== Segment start ==

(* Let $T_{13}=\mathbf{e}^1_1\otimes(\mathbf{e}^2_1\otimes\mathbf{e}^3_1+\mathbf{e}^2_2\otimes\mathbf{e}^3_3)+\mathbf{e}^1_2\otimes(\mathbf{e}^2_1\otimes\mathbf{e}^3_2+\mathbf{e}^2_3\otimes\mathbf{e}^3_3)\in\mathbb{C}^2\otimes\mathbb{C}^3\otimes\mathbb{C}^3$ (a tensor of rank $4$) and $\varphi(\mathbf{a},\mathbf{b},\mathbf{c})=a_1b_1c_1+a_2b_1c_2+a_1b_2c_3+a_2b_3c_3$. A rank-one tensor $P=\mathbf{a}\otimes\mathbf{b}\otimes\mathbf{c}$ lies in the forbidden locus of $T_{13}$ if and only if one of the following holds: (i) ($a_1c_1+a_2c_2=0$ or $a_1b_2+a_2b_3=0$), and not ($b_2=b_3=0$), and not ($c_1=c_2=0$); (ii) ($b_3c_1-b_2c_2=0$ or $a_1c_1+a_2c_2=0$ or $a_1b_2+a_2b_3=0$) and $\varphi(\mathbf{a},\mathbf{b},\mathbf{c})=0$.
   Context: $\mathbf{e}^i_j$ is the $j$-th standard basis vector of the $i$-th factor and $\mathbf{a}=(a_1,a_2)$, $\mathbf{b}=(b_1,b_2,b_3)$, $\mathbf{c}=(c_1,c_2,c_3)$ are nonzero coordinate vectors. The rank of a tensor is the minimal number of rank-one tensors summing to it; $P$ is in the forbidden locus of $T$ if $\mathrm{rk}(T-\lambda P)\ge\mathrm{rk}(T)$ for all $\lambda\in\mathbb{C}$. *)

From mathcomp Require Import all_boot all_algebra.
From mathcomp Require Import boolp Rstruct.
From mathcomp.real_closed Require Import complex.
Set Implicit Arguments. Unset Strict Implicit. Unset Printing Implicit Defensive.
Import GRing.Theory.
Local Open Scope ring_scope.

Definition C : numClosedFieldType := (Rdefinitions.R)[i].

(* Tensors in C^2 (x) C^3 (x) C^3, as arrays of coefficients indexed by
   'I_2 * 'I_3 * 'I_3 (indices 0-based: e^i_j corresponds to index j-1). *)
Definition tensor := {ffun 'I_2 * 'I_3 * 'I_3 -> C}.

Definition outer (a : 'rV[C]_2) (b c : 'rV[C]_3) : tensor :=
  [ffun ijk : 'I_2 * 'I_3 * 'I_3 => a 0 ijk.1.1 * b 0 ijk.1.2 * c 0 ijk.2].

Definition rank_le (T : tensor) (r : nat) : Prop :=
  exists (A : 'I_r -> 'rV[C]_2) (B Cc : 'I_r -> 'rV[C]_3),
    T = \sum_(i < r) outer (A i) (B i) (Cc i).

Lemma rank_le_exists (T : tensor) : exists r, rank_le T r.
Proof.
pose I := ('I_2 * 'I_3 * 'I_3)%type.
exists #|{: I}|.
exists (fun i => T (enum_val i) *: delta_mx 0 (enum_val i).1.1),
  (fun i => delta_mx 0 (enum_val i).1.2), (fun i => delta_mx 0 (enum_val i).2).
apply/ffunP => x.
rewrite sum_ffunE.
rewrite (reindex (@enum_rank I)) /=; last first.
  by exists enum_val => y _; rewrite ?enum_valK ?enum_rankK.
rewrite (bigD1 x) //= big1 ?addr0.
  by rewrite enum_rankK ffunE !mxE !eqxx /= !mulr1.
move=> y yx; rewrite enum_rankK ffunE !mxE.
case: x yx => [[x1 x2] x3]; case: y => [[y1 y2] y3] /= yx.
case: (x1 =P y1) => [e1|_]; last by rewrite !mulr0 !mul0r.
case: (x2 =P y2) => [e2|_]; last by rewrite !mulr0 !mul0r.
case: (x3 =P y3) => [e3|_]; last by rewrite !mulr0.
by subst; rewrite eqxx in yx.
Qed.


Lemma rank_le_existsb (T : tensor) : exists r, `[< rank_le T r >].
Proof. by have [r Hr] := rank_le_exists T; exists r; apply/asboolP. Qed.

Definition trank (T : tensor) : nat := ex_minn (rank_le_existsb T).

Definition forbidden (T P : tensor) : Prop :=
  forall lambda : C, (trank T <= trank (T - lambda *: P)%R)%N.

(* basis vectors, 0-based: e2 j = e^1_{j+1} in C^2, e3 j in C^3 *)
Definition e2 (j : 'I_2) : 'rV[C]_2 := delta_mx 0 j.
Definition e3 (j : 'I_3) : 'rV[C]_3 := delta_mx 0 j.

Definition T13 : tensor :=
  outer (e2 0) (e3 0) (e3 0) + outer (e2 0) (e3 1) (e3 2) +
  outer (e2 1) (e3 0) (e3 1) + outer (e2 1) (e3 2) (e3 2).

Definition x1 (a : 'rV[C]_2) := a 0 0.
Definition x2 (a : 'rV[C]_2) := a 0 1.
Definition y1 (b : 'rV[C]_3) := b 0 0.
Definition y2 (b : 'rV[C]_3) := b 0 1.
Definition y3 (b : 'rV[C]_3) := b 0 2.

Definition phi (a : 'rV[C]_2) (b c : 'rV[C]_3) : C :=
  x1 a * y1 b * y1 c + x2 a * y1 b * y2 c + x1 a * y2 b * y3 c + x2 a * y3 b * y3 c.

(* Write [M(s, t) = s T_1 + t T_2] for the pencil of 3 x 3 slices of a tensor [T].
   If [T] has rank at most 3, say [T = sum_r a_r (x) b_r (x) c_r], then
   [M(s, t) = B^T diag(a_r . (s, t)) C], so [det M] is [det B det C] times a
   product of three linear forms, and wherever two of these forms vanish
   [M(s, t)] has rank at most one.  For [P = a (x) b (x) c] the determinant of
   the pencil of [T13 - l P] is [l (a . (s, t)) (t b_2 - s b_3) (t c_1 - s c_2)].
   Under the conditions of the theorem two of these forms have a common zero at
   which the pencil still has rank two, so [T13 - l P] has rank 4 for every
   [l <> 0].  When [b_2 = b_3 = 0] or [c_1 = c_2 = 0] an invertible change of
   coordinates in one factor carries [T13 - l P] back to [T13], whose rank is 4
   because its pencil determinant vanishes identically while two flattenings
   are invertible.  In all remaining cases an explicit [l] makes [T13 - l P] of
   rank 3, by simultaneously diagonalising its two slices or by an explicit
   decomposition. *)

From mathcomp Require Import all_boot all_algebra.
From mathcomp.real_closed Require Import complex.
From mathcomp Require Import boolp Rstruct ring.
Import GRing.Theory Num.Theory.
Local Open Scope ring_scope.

== Segment end ==
== Segment start ==

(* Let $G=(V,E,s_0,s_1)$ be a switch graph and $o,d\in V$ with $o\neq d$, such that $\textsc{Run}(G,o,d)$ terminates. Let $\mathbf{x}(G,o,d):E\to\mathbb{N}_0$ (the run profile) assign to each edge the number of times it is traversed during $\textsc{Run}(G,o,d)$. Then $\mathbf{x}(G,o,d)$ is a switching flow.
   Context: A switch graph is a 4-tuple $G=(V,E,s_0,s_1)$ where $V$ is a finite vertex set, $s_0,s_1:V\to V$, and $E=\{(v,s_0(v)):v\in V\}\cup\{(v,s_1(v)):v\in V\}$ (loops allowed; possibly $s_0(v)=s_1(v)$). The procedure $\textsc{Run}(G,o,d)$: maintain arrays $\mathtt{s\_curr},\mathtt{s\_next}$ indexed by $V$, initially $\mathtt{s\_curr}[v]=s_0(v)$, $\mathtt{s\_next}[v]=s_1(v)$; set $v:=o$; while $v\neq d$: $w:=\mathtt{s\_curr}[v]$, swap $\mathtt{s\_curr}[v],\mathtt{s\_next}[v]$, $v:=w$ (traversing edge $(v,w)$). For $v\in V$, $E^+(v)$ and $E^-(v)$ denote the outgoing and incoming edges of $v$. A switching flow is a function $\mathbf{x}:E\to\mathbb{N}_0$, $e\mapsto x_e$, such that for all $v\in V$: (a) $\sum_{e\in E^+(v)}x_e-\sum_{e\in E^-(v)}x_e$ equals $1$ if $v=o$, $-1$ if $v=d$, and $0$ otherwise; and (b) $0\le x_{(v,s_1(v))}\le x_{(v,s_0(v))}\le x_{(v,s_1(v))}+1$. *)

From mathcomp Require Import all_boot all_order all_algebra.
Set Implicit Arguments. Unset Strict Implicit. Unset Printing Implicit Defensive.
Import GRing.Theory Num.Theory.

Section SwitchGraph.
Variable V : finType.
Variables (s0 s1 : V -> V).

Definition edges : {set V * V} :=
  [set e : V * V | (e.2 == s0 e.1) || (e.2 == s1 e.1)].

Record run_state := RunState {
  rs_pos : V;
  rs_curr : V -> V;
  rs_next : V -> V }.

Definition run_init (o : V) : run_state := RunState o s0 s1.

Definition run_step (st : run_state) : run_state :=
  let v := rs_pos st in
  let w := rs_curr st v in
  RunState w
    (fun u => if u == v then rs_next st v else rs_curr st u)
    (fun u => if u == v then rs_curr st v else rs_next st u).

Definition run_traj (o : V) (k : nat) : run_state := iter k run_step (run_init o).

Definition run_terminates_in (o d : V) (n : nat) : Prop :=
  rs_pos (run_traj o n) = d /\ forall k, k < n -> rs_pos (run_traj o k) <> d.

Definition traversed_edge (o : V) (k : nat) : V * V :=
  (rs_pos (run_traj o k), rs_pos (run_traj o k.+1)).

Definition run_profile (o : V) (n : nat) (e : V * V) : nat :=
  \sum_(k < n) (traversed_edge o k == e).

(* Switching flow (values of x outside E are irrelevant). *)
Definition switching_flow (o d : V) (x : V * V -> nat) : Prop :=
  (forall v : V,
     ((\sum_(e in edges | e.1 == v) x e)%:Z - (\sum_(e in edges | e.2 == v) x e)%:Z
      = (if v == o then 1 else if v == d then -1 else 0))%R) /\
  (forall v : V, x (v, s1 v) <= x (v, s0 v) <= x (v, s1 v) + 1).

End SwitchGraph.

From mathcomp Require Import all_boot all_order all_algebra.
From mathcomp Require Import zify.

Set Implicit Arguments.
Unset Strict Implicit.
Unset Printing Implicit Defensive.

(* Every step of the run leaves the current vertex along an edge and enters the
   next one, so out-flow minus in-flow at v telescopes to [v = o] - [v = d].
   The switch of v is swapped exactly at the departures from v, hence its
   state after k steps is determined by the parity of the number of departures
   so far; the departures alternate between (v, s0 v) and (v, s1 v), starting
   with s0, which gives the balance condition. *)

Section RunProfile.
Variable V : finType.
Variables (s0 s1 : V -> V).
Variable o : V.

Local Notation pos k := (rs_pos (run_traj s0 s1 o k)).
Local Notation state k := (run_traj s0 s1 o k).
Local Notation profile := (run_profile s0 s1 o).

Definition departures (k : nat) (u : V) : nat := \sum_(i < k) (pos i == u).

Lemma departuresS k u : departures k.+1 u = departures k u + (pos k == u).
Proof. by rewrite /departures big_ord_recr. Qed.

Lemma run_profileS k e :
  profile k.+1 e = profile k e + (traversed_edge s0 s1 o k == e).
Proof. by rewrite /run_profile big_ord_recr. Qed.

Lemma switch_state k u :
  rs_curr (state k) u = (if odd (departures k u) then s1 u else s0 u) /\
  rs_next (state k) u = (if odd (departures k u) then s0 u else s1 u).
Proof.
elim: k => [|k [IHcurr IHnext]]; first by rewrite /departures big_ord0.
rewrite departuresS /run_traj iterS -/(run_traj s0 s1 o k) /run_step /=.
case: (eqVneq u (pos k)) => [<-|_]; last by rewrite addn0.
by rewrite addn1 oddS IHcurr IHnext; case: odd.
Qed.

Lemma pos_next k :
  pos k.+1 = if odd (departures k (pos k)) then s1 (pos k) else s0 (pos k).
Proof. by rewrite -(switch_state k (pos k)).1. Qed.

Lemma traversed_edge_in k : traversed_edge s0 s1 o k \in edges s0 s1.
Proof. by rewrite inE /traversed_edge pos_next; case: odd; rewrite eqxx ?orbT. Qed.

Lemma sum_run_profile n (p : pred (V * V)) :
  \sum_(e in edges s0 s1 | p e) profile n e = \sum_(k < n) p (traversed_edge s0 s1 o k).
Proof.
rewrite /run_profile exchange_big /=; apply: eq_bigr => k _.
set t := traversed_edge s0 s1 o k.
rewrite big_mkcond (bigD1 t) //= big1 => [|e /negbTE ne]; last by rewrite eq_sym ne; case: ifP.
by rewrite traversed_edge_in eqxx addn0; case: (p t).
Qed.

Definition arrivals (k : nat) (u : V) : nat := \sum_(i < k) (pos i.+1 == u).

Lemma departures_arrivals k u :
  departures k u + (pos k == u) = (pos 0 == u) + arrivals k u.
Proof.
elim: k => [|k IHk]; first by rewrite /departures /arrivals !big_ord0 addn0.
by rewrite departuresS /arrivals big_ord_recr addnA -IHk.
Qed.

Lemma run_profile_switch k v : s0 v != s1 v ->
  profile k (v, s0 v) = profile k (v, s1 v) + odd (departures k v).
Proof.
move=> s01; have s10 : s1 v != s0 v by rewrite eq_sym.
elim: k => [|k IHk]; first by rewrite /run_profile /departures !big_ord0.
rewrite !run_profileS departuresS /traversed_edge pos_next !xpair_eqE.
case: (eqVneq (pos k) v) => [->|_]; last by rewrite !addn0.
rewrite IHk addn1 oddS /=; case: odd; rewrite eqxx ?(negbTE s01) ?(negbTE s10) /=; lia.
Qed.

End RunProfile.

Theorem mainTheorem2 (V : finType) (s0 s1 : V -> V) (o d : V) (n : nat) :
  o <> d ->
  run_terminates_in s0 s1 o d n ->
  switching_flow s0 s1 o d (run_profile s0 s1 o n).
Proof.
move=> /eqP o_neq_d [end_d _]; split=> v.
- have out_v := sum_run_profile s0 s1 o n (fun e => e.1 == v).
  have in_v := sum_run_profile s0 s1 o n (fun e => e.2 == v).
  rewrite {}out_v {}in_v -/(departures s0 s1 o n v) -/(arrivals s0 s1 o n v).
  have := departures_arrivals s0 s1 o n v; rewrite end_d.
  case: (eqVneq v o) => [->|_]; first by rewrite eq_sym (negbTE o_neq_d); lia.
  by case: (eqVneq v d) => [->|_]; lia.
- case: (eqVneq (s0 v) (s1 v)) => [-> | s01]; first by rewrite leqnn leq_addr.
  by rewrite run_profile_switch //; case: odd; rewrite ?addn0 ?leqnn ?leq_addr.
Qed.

== Segment end ==

Only the lines above starting with the one with "(* Tensors in" and going through the one with "[ffun ijk : 'I_2" are to be copied, word for word and with both ends kept.

(* Tensors in C^2 (x) C^3 (x) C^3, as arrays of coefficients indexed by
   'I_2 * 'I_3 * 'I_3 (indices 0-based: e^i_j corresponds to index j-1). *)
Definition tensor := {ffun 'I_2 * 'I_3 * 'I_3 -> C}.

Definition outer (a : 'rV[C]_2) (b c : 'rV[C]_3) : tensor :=
  [ffun ijk : 'I_2 * 'I_3 * 'I_3 => a 0 ijk.1.1 * b 0 ijk.1.2 * c 0 ijk.2].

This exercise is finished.